Friday, January 16, 2004

Recycling news
I missed this at the time, but came to it through a bulletin board I contribute to. It's a fairly bizarre article by drunken internationalist Christopher Hitchens, whose premise is that a) a showing of Pontecorvo's Battle of Algiers has been arranged in New York, b) that it will give rise to comparisons with Iraq and c) that anyone who might make these comparisons should just stop it right now and not even think about it, right mate, cos it's wrong, so just don't! (thumps table).

When Counterpunch sought to out Hitchens as an alky earlier this year, my first reaction was...hang on, that's going a bit far. But further exposure to his recent style of writing seems to confirm it - one note, table banging harangues characterized by foggy, unfocused resentment and beefy shouldered belligerence towards his audience, who might, for all anyone knows, actually agree with him....

"No, really Chris, calm down, actually I think you're right...

"uuuh, you what...well just don't, I'm not finished yet

There's also the premise of the article, an odd form of rhetorical pre-emption...

....I know exactly what you're going to say, and just don't, right? Just don't

Anyway, here's the response I made on the BBS, only slightly less than fresh...

It's interesting that Hitchens has drawn a comparison between a film about what happened in Algeria and what's actually happening in Iraq. I think you can make a case for similarities between the film and the current situation in Iraq, but I'll get to that in a bit.

Surely the real issue is whether there were any similarities between what actually happened in Algeria and what's happening now in Iraq. A good source for that is Alaistair Horne's A Savage War of Peace, which seems to be the standard history of the conflict.

I'd see similarities in a couple of main areas:

Firstly, the evolution of the Iraqi insurgency. In the book, Horne describes how the FLN started recruiting. A candidate would present himself and in turn be presented with a gun and a single bullet. He would then be told to go and kill a French traffic cop, or some such. The insurgency then edscalated through bombings, armed raids and gradually got more organized until the FLN were able to field units in battalion strength in the Algerian maquis. You can see a similar trajectory in Iraq: from random shootings to improvised explosive devices to co-ordinated suicide bombings, mortarings and now, it seems, primitive flak corridors. There's no ideology behind them yet such as the FLN had. But now they're free of Saddam, I'm sure the insurgents will come up with something.

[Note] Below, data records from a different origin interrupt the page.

(* Let $P$ be a $3$-nice twisted $n$-gon with corner invariants $(x_0,\dots,x_{2n-1})$ (indices taken modulo $2n$), and let $P'$ be the twisted $n$-gon defined by $P'_i=P_{i-2}P_{i+1}\cap P_{i-1}P_{i+2}$, with corner invariants $(x'_0,\dots,x'_{2n-1})$. Then, whenever all quantities involved are finite and the denominators are nonzero, for every $i$: $$x'_{2i}=x_{2i-2}\cdot\frac{x_{2i-4}+x_{2i-1}-1}{x_{2i-2}x_{2i-1}-(1-x_{2i+1})(1-x_{2i-4})},\qquad x'_{2i+1}=x_{2i+3}\cdot\frac{x_{2i+2}+x_{2i+5}-1}{x_{2i+2}x_{2i+3}-(1-x_{2i+5})(1-x_{2i})}.$$
   Context: A twisted $n$-gon is a map $P:\mathbb{Z}\to\mathbb{RP}^2$ with every three consecutive points non-collinear and $P_{i+n}=M(P_i)$ for a fixed $M\in\mathrm{PGL}_3(\mathbb{R})$. $P$ is $3$-nice if $P_i,P_{i+1},P_{i+3},P_{i+4}$ are in general position for every $i$. $XY$ denotes the line through $X$ and $Y$. (The map $P\mapsto P'$ is the deep diagonal map $T_3$ with an index shift.) Inverse cross ratio: for four collinear points $A,B,C,D$, map their line projectively to the $x$-axis with coordinates $a,b,c,d$ and set $\chi(A,B,C,D)=\frac{(a-b)(c-d)}{(a-c)(b-d)}$ (value in $\mathbb{R}\cup\{\infty\}$, projectively invariant). Corner invariants: $x_{2i}=\chi(P_{i-2},P_{i-1},P_{i-2}P_{i-1}\cap P_iP_{i+1},P_{i-2}P_{i-1}\cap P_{i+1}P_{i+2})$ and $x_{2i+1}=\chi(P_{i+2},P_{i+1},P_{i+2}P_{i+1}\cap P_iP_{i-1},P_{i+2}P_{i+1}\cap P_{i-1}P_{i-2})$, with $x_{j+2n}=x_j$. *)

From HB Require Import structures.
From mathcomp Require Import all_boot all_order all_algebra.
From mathcomp Require Import reals.
Set Implicit Arguments. Unset Strict Implicit. Unset Printing Implicit Defensive.
Import Order.TTheory GRing.Theory Num.Theory.
Local Open Scope ring_scope.

(* Points of RP^2 are represented by nonzero homogeneous coordinate row
   vectors in R^3; a projective transformation M in PGL_3 acts by v |-> v *m M. *)

Section Proj.
Variable R : realType.

Definition vec3 (a b c : R) : 'rV[R]_3 :=
  \row_(j < 3) (if val j == 0%N then a else if val j == 1%N then b else c).

Definition proj_eq (u v : 'rV[R]_3) : Prop := exists k : R, k != 0 /\ u = k *: v.

Definition det3 (u v w : 'rV[R]_3) : R :=
  \det (\matrix_(i < 3) (if val i == 0%N then u else if val i == 1%N then v else w)).

(* Q (a point, nonzero) is the intersection point XY \cap ZW of the lines XY
   and ZW, where X <> Y, Z <> W (as points of RP^2) and the two lines differ. *)
Definition meet (X Y Z W Q : 'rV[R]_3) : Prop :=
  [/\ (X != 0 /\ Y != 0 /\ ~ proj_eq X Y),
      (Z != 0 /\ W != 0 /\ ~ proj_eq Z W),
      ~ (det3 X Y Z = 0 /\ det3 X Y W = 0),
      Q != 0 & (det3 X Y Q = 0 /\ det3 Z W Q = 0)].

(* r is the (finite) inverse cross ratio chi(A,B,C,D): some projective
   transformation M maps the line of A,B,C,D to the x-axis, with A,B,C,D
   going to the points with coordinates a,b,c,d, and
   r = (a-b)(c-d)/((a-c)(b-d)), the denominator being nonzero. *)
Definition is_chi (A B C D : 'rV[R]_3) (r : R) : Prop :=
  exists M : 'M[R]_3, M \in unitmx /\
  exists a b c d : R,
    [/\ proj_eq (A *m M) (vec3 a 0 1), proj_eq (B *m M) (vec3 b 0 1),
        (proj_eq (C *m M) (vec3 c 0 1) /\ proj_eq (D *m M) (vec3 d 0 1)),
        (a - c) * (b - d) != 0 &
        r = (a - b) * (c - d) / ((a - c) * (b - d))].

Definition twisted_ngon (n : nat) (P : int -> 'rV[R]_3) : Prop :=
  (forall i : int, det3 (P i) (P (i + 1)) (P (i + 2)) != 0) /\
  exists M : 'M[R]_3, M \in unitmx /\
    forall i : int, proj_eq (P (i + n%:Z)) (P i *m M).

Definition gen_pos4 (A B C D : 'rV[R]_3) : Prop :=
  [/\ det3 A B C != 0, det3 A B D != 0, det3 A C D != 0 & det3 B C D != 0].

Definition nice3 (P : int -> 'rV[R]_3) : Prop :=
  forall i : int, gen_pos4 (P i) (P (i + 1)) (P (i + 3)) (P (i + 4)).

Definition corner_even (P : int -> 'rV[R]_3) (i : int) (r : R) : Prop :=
  exists Q1 Q2 : 'rV[R]_3,
    [/\ meet (P (i - 2)) (P (i - 1)) (P i) (P (i + 1)) Q1,
        meet (P (i - 2)) (P (i - 1)) (P (i + 1)) (P (i + 2)) Q2 &
        is_chi (P (i - 2)) (P (i - 1)) Q1 Q2 r].

Definition corner_odd (P : int -> 'rV[R]_3) (i : int) (r : R) : Prop :=
  exists Q1 Q2 : 'rV[R]_3,
    [/\ meet (P (i + 2)) (P (i + 1)) (P i) (P (i - 1)) Q1,
        meet (P (i + 2)) (P (i + 1)) (P (i - 1)) (P (i - 2)) Q2 &
        is_chi (P (i + 2)) (P (i + 1)) Q1 Q2 r].

Definition corner_invariants (P : int -> 'rV[R]_3) (x : int -> R) : Prop :=
  forall i : int, corner_even P i (x (2 * i)) /\ corner_odd P i (x (2 * i + 1)).

End Proj.

From HB Require Import structures.
From mathcomp Require Import all_boot all_order all_algebra.
From mathcomp Require Import reals.
From mathcomp Require Import ring.
Import Order.TTheory GRing.Theory Num.Theory.
Local Open Scope ring_scope.

(* Each corner invariant of P is the cross ratio of the four lines joining a vertex to
   its neighbours, hence a ratio of products of 3x3 determinants of vertices.  The four
   points defining x'_{2i} lie on the line P_{i-3}P_i, where they are cut out by the
   lines P_{i-4}P_{i-1}, P_{i-2}P_{i+1}, P_{i-1}P_{i+2} and by P_i itself, so x'_{2i} is
   also a ratio of determinants.  In the projective frame P_{i-3}, P_{i-1}, P_i the
   claimed formula becomes a polynomial identity.  The odd formula is the even one for
   the reversed polygon. *)

Section DeepDiagonalMap.
Variable R : realType.
Implicit Types (A B C D U V X Y Z W Q : 'rV[R]_3) (M : 'M[R]_3).
Implicit Types (P : int -> 'rV[R]_3) (x : int -> R).

Set Implicit Arguments.
Unset Strict Implicit.
Unset Printing Implicit Defensive.

Lemma det_mx33 (M : 'M[R]_3) : \det M =
  M 0 0 * (M 1 1 * M 2 2 - M 1 2 * M 2 1) - M 0 1 * (M 1 0 * M 2 2 - M 1 2 * M 2 0)
  + M 0 2 * (M 1 0 * M 2 1 - M 1 1 * M 2 0).
Proof.
have -> : M = \matrix_(i, j) M (inord i) (inord j).
  by apply/matrixP => i j; rewrite mxE !inord_val.
rewrite (expand_det_row _ 0) !big_ord_recl big_ord0 /cofactor.
rewrite !(expand_det_row _ 0) !big_ord_recl !big_ord0 /cofactor !det_mx11 !mxE /= /bump /=.
have -> : inord 0 = 0 :> 'I_3 by apply/val_inj; rewrite /= inordK.
have -> : inord 1 = 1 :> 'I_3 by apply/val_inj; rewrite /= inordK.
have -> : inord 2 = 2 :> 'I_3 by apply/val_inj; rewrite /= inordK.
rewrite !expr0 ?expr1 ?expr2; ring.
Qed.

Lemma det3E A B C : det3 A B C =
  A 0 0 * (B 0 1 * C 0 2 - B 0 2 * C 0 1) - A 0 1 * (B 0 0 * C 0 2 - B 0 2 * C 0 0)
  + A 0 2 * (B 0 0 * C 0 1 - B 0 1 * C 0 0).
Proof. by rewrite /det3 det_mx33 !mxE. Qed.

Lemma row3P A B : A 0 0 = B 0 0 -> A 0 1 = B 0 1 -> A 0 2 = B 0 2 -> A = B.
Proof.
move=> e0 e1 e2; apply/rowP => -[[|[|[|//]]] lt_j3].
- by rewrite (_ : Ordinal _ = 0) //; apply/val_inj.
- by rewrite (_ : Ordinal _ = 1) //; apply/val_inj.
- by rewrite (_ : Ordinal _ = 2) //; apply/val_inj.
Qed.

Definition rows3 A B C : 'M[R]_3 :=
  \matrix_(i < 3) (if val i == 0%N then A else if val i == 1%N then B else C).

Lemma det3_rows3 A B C : det3 A B C = \det (rows3 A B C).
Proof. by []. Qed.

Lemma mulmx_rows3 (v : 'rV[R]_3) A B C :
  v *m rows3 A B C = v 0 0 *: A + v 0 1 *: B + v 0 2 *: C.
Proof.
rewrite mulmx_sum_row !big_ord_recl big_ord0 addr0 addrA.
have -> : lift ord0 ord0 = 1 :> 'I_3 by apply/val_inj.
have -> : lift ord0 (lift ord0 ord0) = 2 :> 'I_3 by apply/val_inj.
by rewrite !rowK.
Qed.

Lemma det3_mulmx A B C M : det3 (A *m M) (B *m M) (C *m M) = det3 A B C * \det M.
Proof.
rewrite !det3_rows3 -det_mulmx; congr (\det _); apply/row_matrixP => i.
by rewrite row_mul !rowK; case: ifP => // _; case: ifP.
Qed.

Lemma det3_cycle A B C : det3 A B C = det3 B C A.
Proof. by rewrite !det3E; ring. Qed.

Lemma det3_swap A B C : det3 A B C = - det3 A C B.
Proof. by rewrite !det3E; ring. Qed.

Lemma det3_rev A B C : det3 A B C = - det3 C B A.
Proof. by rewrite !det3E; ring. Qed.

Lemma det3_dup23 A B : det3 A B B = 0.
Proof. by rewrite det3E; ring. Qed.

Lemma det3_dup13 A B : det3 A B A = 0.
Proof. by rewrite det3E; ring. Qed.

Lemma det3_linr A B X Y (s t : R) :
  det3 A B (s *: X + t *: Y) = s * det3 A B X + t * det3 A B Y.
Proof. by rewrite !det3E !mxE; ring. Qed.

Lemma det3_span2 U V W (a b c d : R) :
  det3 (a *: U + b *: V) (c *: U + d *: V) W = (a * d - b * c) * det3 U V W.
Proof. by rewrite !det3E !mxE; ring. Qed.

Lemma det3_pluecker X A B C D :
  det3 X A B * det3 X C D = det3 X A C * det3 X B D - det3 X A D * det3 X B C.
Proof. by rewrite !det3E; ring. Qed.

Lemma det3_neq0_cycle A B C : det3 A B C != 0 -> det3 B C A != 0.
Proof. by rewrite det3_cycle. Qed.

Lemma det3_neq0_swap A B C : det3 A B C != 0 -> det3 A C B != 0.
Proof. by rewrite det3_swap oppr_eq0. Qed.

Definition distinct_pts X Y := X != 0 /\ Y != 0 /\ ~ proj_eq X Y.

Lemma proj_eq_sym X Y : proj_eq X Y -> proj_eq Y X.
Proof.
case=> k [k0 ->]; exists k^-1; split; first by rewrite invr_eq0.
by rewrite scalerA mulVf // scale1r.
Qed.

Lemma distinct_pts_sym X Y : distinct_pts X Y -> distinct_pts Y X.
Proof. by case=> X0 [Y0 nXY]; split=> //; split=> // /proj_eq_sym. Qed.

Lemma distinct_pts_comb0 X Y (a b : R) :
  distinct_pts X Y -> a *: X + b *: Y = 0 -> a = 0 /\ b = 0.
Proof.
case=> X0 [Y0 nXY] eXY.
have [a0 | a0] := eqVneq a 0.
  move: eXY; rewrite a0 scale0r add0r => /eqP; rewrite scaler_eq0 (negPf Y0) orbF.
  by move/eqP.
have [b0 | b0] := eqVneq b 0.
  by move: eXY; rewrite b0 scale0r addr0 => /eqP; rewrite scaler_eq0 (negPf X0) (negPf a0).
exfalso; apply: nXY; exists (- b / a); split; first by rewrite mulf_neq0 ?oppr_eq0 ?invr_eq0.
apply: (scalerI a0); rewrite scalerA mulrCA mulfV // mulr1 scaleNr.
by apply/eqP; rewrite -addr_eq0 eXY.
Qed.

Lemma det3_eq0_span X Y Q :
  distinct_pts X Y -> det3 X Y Q = 0 -> exists s t, Q = s *: X + t *: Y.
Proof.
move=> dXY /eqP; rewrite det3_rows3 => /det0P [v v0]; rewrite mulmx_rows3 => ev.
have [c0 | c0] := eqVneq (v 0 2) 0.
  move: ev; rewrite c0 scale0r addr0 => /(distinct_pts_comb0 dXY) [a0 b0].
  by case/eqP: v0; apply: row3P; rewrite ?a0 ?b0 ?c0 mxE.
have -> : Q = (v 0 2)^-1 *: (v 0 2 *: Q) by rewrite scalerA mulVf // scale1r.
have -> : v 0 2 *: Q = - (v 0 0 *: X + v 0 1 *: Y).
  by apply/eqP; rewrite -addr_eq0 addrC ev.
exists (- v 0 0 / v 0 2), (- v 0 1 / v 0 2).
by apply: row3P; rewrite !mxE; field.
Qed.

Lemma distinct_span2_det U V (a b c d : R) :
  distinct_pts (a *: U + b *: V) (c *: U + d *: V) -> a * d - b * c != 0.
Proof.
move=> dZW; apply/eqP => e.
have eU : d *: (a *: U + b *: V) + (- b) *: (c *: U + d *: V) = (a * d - b * c) *: U.
  by apply: row3P; rewrite !mxE; ring.
have eV : (- c) *: (a *: U + b *: V) + a *: (c *: U + d *: V) = (a * d - b * c) *: V.
  by apply: row3P; rewrite !mxE; ring.
rewrite e scale0r in eU; rewrite e scale0r in eV.
have [d0 /eqP] := distinct_pts_comb0 dZW eU; rewrite oppr_eq0 => /eqP b0.
have [/eqP] := distinct_pts_comb0 dZW eV; rewrite oppr_eq0 => /eqP c0 a0.
by case: dZW; rewrite a0 b0 !scale0r addr0 eqxx.
Qed.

The second similarity is in the alignment of pro-and anti-colonianlist opinion in the occupying power. Hitchens writes:

Algeria in 1956—the "real time" date of the film—was not just a colony of France. It was a department of metropolitan France. The slogan of the French Right was Algérie Française. A huge population of French settlers lived in the country, mainly concentrated in the coastal towns. The French had exploited and misgoverned this province for more than a century and were seeking to retain it as an exclusive possession.

That misrepresents the political situation. At the time of the film, France had a centre left government (under Pietre Mendes France), which sought to head off the conflict by combining military measures with a hearts and minds policy towards the population, including various economic and political reforms. Sound familiar?

More generally, Algerie Francaise was supported across the French political spectrum, up to and including the Communist Party. The French left wanted Algeria integrated into France's political structure with full voting rights for Algerians, on the grounds that this would provide France with a permanent left wing majority. As the conflict continued, the left went over to a pro-FLN position, eventually taking De Gaulle and the centre with them.

The point is firstly that pro-and anti war opinion cut across the political divide, as it has with Iraq, and secondly that many of the people involved with it at a political level genuinely believed that they were bringing enlightenment and modernity to the population...if only they could get rid of those wretched guerillas.

On to the film. It seems like pretty much every cultural product in the US that isn't actually right wing gets called marxist sooner or later. Well, the Battle of Algiers is the real thing. It's heroes are the killers and bombers of the FLN. It's other heroes are the killers and torturers in the French paratroopers. Both sides are stepping up and taking their places in the dialectic. Everyone else is just a fool or a dupe. Now that's what I call Marxist movie making.

This gives the film a certain predictive character. It's a warning about what happens to both sides under the pressure of colonial occupation. It's hero, Ali La Pointe, is a street thief and general ne'er do well who finds himself in the uprising. It's anti-hero, general Massu is a cultured and sensitive fellow who knows his Sartre and is driven to torture, by, as he sees it, brute political necessity. I suspect that there arew quite a few Alis in Iraq right now, turning from crime to insurrection. And it's increasingly looking like the occupiers are getting a little touch of the General Massus.

Anyway, see the movie if you can. It's a truly stunning film. While you're at it, see it in conjunction with Klimov's Come and See. And read Malaparte's Kaputt when you're not doing either. Then see how seriously you can take the "Greatest generation then and now" mush we're going to get this year with the 60th anniversary of D-day.

Incidentally, one thing that Hitchens doesn't mention is that Chirac fought as a lieutenant in Algeria and got wounded in the process. Bet he thinks there's lessons to be learned.